=== PROBLEM REQUIREMENTS ===
Which lines in the records below contain the word "Hypothesis"? Return each of them.

=== DATA LISTING ===
━━━━━━━━
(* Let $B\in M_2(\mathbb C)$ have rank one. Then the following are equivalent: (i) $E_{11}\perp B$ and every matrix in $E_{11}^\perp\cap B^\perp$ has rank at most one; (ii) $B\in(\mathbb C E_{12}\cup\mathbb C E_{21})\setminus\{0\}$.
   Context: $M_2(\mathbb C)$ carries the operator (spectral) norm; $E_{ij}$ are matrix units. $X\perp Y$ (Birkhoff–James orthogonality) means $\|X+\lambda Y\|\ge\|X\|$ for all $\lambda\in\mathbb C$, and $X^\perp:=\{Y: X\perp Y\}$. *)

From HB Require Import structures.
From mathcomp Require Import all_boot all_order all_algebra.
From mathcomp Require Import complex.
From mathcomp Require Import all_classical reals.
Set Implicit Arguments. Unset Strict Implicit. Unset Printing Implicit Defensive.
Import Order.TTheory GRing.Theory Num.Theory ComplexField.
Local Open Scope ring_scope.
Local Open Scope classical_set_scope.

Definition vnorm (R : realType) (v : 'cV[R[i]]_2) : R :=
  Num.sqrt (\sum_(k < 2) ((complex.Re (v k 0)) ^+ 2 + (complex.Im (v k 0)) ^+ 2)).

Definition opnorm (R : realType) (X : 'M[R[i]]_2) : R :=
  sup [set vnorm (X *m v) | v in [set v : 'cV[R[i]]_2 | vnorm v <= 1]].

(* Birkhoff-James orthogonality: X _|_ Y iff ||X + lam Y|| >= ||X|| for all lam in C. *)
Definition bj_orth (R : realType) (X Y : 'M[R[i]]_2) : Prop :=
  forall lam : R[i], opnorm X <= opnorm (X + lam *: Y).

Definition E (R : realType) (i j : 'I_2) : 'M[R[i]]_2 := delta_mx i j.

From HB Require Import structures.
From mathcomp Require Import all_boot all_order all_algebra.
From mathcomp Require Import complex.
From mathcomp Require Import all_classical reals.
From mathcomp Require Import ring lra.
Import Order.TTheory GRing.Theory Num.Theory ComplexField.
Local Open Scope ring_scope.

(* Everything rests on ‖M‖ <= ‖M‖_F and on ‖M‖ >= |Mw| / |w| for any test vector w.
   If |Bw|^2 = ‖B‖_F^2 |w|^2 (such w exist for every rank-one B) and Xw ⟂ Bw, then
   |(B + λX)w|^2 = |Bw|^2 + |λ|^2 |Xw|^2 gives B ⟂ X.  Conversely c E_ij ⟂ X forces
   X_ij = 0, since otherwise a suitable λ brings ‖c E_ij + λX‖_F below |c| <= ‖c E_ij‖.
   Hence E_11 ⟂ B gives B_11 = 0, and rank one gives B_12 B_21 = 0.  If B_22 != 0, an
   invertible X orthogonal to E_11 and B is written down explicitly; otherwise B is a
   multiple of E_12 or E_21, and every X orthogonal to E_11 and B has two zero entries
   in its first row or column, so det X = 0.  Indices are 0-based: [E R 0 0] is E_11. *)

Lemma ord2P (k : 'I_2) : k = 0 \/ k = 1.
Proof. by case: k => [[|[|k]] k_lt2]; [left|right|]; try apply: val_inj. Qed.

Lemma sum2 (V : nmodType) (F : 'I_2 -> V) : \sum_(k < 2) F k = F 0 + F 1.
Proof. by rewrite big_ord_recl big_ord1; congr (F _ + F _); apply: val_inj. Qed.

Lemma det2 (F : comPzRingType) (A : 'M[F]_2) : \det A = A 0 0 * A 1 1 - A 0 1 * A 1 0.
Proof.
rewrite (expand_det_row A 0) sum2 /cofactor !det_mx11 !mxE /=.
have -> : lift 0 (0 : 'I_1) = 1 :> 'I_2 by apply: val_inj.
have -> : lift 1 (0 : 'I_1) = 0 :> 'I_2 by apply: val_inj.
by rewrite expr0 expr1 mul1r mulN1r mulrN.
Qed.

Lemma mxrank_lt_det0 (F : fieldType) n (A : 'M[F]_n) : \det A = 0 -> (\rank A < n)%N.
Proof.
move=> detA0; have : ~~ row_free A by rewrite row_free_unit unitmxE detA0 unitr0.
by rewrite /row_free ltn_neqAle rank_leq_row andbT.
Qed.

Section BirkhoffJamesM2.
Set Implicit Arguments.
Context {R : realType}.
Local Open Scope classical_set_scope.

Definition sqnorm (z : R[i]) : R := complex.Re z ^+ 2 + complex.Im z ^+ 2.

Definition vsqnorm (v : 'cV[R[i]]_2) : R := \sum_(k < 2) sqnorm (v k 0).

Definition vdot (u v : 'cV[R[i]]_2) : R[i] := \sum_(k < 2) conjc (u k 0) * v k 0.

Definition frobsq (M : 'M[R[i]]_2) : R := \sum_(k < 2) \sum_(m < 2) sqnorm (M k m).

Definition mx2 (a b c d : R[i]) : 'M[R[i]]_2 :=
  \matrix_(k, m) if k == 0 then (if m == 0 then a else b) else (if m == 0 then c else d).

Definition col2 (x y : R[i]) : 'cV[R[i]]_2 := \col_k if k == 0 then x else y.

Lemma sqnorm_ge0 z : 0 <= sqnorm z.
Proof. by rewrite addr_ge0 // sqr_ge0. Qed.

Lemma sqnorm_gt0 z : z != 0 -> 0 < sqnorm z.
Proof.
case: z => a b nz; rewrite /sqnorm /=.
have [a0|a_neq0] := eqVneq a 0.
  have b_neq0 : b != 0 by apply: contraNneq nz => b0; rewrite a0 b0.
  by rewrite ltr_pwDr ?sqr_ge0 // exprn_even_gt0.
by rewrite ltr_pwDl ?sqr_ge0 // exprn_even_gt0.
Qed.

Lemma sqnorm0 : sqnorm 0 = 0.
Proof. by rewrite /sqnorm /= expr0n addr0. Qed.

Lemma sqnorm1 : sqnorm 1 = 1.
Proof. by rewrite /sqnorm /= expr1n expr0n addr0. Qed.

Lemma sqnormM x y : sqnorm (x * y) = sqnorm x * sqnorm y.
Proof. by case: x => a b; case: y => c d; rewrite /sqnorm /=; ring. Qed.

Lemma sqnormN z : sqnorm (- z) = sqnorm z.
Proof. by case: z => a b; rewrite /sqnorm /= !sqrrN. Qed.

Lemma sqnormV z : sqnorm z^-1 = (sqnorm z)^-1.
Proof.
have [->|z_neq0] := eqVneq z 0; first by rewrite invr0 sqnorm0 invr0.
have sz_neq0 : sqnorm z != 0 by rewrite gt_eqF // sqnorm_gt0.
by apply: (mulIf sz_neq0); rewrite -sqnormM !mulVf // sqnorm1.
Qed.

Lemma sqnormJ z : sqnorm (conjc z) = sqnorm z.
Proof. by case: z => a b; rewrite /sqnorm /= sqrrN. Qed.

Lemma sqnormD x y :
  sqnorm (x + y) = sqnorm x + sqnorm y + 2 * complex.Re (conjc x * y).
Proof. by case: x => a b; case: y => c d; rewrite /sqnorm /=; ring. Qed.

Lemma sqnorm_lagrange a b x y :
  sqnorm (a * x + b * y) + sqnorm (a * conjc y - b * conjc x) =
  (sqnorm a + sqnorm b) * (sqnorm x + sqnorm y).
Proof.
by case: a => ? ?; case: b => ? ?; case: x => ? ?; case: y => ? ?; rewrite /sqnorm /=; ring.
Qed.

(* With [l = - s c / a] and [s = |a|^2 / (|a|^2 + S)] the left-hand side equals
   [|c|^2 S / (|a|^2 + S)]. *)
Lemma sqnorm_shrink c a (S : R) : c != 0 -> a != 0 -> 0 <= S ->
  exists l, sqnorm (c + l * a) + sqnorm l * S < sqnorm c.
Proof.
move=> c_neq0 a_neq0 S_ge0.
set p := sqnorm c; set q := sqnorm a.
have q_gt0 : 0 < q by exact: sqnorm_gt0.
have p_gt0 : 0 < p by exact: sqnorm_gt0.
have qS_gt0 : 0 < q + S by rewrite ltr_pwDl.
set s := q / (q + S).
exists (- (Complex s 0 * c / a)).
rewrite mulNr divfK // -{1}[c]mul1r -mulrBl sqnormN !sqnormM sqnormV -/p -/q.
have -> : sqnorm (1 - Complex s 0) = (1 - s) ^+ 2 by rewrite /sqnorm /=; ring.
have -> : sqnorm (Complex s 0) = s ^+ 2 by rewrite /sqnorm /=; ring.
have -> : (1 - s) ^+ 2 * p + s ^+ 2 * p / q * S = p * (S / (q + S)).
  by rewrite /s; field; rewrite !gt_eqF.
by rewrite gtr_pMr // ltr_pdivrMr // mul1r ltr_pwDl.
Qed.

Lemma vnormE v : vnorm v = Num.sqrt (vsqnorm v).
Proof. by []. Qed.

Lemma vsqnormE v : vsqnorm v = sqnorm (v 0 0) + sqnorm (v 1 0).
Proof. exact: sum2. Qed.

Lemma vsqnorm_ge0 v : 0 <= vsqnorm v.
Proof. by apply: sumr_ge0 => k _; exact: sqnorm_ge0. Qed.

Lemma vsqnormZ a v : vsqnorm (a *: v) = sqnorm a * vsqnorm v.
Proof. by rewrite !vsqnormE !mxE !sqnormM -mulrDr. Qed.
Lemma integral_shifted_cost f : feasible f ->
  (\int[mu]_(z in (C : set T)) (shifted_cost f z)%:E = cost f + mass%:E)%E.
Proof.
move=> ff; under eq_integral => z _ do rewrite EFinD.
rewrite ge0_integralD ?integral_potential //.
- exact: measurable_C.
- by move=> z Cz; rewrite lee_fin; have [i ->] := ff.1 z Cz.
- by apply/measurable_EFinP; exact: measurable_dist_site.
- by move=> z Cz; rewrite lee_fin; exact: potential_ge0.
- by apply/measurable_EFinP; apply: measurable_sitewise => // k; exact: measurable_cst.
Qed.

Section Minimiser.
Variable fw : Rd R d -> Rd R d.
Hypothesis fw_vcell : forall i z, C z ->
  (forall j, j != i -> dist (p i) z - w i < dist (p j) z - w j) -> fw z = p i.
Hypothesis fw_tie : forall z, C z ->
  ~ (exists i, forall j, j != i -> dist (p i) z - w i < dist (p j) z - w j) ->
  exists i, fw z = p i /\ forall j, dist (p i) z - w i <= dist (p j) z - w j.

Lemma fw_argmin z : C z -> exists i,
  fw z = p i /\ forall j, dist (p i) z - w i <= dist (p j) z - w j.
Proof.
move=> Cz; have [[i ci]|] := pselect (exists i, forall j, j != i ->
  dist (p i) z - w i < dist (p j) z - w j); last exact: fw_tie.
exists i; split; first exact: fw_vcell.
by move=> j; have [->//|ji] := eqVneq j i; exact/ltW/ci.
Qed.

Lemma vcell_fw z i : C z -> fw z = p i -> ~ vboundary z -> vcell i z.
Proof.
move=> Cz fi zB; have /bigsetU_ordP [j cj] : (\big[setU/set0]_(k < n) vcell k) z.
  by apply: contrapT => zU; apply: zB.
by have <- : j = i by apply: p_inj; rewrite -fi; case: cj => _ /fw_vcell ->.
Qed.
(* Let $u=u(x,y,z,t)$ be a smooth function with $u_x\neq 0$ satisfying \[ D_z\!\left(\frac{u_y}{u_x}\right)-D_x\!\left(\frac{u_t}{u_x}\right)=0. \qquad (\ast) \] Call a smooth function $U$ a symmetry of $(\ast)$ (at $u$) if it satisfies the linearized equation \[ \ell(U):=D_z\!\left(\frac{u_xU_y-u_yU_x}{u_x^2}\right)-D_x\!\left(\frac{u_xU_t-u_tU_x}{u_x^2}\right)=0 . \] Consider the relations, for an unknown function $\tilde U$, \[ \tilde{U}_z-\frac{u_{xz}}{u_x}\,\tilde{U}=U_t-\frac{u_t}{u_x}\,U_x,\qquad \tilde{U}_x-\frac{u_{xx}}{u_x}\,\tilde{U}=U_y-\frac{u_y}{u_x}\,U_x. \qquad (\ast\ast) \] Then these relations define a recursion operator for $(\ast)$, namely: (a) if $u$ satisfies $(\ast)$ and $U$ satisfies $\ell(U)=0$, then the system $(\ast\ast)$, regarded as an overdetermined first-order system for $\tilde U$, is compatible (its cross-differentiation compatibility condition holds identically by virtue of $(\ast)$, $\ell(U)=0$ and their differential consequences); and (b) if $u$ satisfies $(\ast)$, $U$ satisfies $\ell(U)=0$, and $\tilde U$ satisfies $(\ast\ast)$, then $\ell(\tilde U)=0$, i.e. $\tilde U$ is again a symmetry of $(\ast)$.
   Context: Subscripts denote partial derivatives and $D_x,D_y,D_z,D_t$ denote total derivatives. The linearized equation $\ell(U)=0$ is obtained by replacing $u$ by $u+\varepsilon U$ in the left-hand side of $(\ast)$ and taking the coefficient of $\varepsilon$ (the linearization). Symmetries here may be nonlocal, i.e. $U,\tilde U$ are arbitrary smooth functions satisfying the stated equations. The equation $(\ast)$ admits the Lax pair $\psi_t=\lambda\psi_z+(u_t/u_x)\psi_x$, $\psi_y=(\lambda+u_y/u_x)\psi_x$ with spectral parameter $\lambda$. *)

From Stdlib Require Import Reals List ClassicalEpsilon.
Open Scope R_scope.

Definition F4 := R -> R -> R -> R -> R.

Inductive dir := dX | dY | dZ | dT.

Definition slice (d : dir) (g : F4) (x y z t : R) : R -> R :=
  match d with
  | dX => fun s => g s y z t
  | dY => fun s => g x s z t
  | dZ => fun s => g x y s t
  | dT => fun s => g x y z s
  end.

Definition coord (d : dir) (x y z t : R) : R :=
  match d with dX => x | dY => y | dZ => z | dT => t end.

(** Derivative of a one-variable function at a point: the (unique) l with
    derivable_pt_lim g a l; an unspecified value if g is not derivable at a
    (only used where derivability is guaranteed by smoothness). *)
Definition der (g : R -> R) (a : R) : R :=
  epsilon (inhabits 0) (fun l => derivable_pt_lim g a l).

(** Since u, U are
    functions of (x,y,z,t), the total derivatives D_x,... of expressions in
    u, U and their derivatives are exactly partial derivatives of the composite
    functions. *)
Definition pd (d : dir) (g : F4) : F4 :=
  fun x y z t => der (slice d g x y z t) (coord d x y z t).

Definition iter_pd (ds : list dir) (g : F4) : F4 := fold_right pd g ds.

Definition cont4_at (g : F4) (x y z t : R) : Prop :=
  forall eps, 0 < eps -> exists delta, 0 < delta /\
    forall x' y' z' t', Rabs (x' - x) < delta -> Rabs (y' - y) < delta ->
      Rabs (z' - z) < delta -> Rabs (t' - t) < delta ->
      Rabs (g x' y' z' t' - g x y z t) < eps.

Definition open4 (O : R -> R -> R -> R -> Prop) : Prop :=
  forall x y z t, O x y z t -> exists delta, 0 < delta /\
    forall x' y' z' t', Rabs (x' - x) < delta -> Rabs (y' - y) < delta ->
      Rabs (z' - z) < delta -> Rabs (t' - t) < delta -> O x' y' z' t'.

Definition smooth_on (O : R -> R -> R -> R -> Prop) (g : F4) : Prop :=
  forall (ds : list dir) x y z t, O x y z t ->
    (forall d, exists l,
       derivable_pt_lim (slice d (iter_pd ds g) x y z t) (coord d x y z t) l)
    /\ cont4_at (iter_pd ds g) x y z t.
━━━━━━━━
=== OUTPUT FOR THIS TASK ===
Hypothesis fw_vcell : forall i z, C z ->
Hypothesis fw_tie : forall z, C z ->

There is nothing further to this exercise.